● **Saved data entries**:

-- Opening Marker --

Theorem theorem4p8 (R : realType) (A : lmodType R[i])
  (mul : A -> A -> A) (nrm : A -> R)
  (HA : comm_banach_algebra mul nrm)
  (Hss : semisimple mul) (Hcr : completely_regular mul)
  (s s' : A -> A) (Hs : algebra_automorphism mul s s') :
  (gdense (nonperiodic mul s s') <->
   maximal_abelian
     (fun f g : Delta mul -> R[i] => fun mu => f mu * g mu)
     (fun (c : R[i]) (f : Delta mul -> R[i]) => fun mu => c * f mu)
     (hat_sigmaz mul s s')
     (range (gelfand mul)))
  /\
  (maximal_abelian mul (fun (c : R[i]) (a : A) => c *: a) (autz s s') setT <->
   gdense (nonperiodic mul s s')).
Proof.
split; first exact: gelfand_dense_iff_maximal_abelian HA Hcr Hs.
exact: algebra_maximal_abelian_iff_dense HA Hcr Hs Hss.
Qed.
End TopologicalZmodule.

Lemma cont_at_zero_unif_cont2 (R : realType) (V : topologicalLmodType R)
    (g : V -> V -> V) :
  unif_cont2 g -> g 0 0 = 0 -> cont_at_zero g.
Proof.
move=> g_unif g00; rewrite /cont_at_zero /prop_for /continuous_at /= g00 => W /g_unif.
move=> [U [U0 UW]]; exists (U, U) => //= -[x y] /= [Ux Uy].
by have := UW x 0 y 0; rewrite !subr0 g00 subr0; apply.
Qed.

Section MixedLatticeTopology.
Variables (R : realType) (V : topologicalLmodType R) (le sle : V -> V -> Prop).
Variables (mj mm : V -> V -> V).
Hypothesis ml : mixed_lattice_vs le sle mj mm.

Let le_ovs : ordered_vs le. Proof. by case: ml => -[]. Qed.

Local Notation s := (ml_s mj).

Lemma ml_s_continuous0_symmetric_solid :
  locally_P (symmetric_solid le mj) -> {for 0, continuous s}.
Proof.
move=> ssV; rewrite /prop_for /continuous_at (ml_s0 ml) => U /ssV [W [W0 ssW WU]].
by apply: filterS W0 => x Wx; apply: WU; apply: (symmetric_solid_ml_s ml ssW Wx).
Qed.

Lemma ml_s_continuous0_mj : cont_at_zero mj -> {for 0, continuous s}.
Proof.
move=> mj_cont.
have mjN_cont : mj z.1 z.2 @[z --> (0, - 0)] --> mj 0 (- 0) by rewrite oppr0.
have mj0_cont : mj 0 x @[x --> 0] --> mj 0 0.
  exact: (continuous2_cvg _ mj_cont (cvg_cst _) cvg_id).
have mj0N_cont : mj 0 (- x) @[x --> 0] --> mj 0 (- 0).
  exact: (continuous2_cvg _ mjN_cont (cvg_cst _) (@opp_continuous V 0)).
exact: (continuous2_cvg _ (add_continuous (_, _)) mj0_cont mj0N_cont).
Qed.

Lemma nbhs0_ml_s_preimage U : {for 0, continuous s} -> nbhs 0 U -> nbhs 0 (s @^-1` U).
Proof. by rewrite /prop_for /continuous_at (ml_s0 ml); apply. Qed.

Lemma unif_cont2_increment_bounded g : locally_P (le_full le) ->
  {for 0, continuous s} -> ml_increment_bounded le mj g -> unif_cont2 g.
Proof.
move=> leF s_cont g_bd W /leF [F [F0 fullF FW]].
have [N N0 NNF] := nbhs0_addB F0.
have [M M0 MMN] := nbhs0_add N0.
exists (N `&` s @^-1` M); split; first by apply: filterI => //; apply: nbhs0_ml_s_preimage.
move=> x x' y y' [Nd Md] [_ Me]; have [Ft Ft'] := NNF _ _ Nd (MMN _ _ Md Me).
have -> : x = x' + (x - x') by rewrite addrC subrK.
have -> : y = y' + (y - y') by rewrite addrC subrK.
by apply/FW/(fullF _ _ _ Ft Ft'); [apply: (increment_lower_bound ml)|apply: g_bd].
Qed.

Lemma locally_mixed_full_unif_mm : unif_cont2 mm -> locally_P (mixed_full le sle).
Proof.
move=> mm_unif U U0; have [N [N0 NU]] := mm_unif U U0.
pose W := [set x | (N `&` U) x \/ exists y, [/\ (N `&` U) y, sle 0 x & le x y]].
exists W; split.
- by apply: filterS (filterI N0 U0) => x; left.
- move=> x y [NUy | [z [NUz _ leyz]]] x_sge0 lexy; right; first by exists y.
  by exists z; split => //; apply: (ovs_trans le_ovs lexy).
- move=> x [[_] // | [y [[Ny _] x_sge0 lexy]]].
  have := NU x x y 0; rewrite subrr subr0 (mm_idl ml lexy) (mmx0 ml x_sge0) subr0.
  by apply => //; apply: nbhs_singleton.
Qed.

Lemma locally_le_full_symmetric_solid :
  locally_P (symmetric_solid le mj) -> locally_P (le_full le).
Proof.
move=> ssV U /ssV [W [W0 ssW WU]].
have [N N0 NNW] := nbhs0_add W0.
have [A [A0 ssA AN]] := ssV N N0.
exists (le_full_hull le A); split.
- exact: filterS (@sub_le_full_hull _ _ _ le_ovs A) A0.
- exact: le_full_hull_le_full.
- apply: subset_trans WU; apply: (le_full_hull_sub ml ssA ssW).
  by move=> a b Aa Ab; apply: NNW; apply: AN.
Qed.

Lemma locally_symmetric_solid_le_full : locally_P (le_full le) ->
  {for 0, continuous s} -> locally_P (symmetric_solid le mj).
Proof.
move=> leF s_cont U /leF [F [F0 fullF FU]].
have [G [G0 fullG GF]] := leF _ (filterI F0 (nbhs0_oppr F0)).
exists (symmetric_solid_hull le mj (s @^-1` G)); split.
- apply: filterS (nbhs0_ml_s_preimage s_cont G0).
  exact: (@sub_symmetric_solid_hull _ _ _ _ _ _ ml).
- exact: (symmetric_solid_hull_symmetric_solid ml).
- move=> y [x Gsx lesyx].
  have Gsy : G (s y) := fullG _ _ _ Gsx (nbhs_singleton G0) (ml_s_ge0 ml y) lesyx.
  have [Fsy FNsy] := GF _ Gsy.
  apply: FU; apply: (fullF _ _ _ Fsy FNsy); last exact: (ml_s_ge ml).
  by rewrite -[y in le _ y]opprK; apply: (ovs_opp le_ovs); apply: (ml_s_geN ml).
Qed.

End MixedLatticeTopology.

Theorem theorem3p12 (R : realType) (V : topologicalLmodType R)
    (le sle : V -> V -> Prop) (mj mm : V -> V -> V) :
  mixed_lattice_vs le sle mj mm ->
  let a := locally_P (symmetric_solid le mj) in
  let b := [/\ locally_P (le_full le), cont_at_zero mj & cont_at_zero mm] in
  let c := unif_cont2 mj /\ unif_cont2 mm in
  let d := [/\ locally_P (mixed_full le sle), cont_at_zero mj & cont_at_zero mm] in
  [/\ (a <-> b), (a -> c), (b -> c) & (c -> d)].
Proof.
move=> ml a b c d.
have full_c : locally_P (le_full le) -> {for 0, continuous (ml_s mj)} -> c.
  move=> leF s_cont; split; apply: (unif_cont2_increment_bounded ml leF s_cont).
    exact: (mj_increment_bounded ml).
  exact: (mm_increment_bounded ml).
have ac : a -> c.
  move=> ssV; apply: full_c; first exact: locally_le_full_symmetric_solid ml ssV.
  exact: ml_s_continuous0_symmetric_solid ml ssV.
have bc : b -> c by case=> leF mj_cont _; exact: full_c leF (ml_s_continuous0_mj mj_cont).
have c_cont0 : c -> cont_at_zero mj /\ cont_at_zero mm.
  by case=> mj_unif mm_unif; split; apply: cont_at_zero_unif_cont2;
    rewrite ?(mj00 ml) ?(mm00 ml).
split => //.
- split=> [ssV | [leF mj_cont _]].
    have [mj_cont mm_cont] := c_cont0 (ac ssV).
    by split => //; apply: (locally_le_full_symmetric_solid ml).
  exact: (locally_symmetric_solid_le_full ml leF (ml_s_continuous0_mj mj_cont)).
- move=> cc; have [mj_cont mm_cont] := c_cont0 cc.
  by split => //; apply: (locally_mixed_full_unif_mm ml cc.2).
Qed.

-- Closing Marker --

● **WORK ORDER**: From the line containing "End MixedLatticeTopology." down to the last line of the records above, print every line exactly, with both ends kept.

● **YOUR RESPONSE**:
End MixedLatticeTopology.

Theorem theorem3p12 (R : realType) (V : topologicalLmodType R)
    (le sle : V -> V -> Prop) (mj mm : V -> V -> V) :
  mixed_lattice_vs le sle mj mm ->
  let a := locally_P (symmetric_solid le mj) in
  let b := [/\ locally_P (le_full le), cont_at_zero mj & cont_at_zero mm] in
  let c := unif_cont2 mj /\ unif_cont2 mm in
  let d := [/\ locally_P (mixed_full le sle), cont_at_zero mj & cont_at_zero mm] in
  [/\ (a <-> b), (a -> c), (b -> c) & (c -> d)].
Proof.
move=> ml a b c d.
have full_c : locally_P (le_full le) -> {for 0, continuous (ml_s mj)} -> c.
  move=> leF s_cont; split; apply: (unif_cont2_increment_bounded ml leF s_cont).
    exact: (mj_increment_bounded ml).
  exact: (mm_increment_bounded ml).
have ac : a -> c.
  move=> ssV; apply: full_c; first exact: locally_le_full_symmetric_solid ml ssV.
  exact: ml_s_continuous0_symmetric_solid ml ssV.
have bc : b -> c by case=> leF mj_cont _; exact: full_c leF (ml_s_continuous0_mj mj_cont).
have c_cont0 : c -> cont_at_zero mj /\ cont_at_zero mm.
  by case=> mj_unif mm_unif; split; apply: cont_at_zero_unif_cont2;
    rewrite ?(mj00 ml) ?(mm00 ml).
split => //.
- split=> [ssV | [leF mj_cont _]].
    have [mj_cont mm_cont] := c_cont0 (ac ssV).
    by split => //; apply: (locally_le_full_symmetric_solid ml).
  exact: (locally_symmetric_solid_le_full ml leF (ml_s_continuous0_mj mj_cont)).
- move=> cc; have [mj_cont mm_cont] := c_cont0 cc.
  by split => //; apply: (locally_mixed_full_unif_mm ml cc.2).
Qed.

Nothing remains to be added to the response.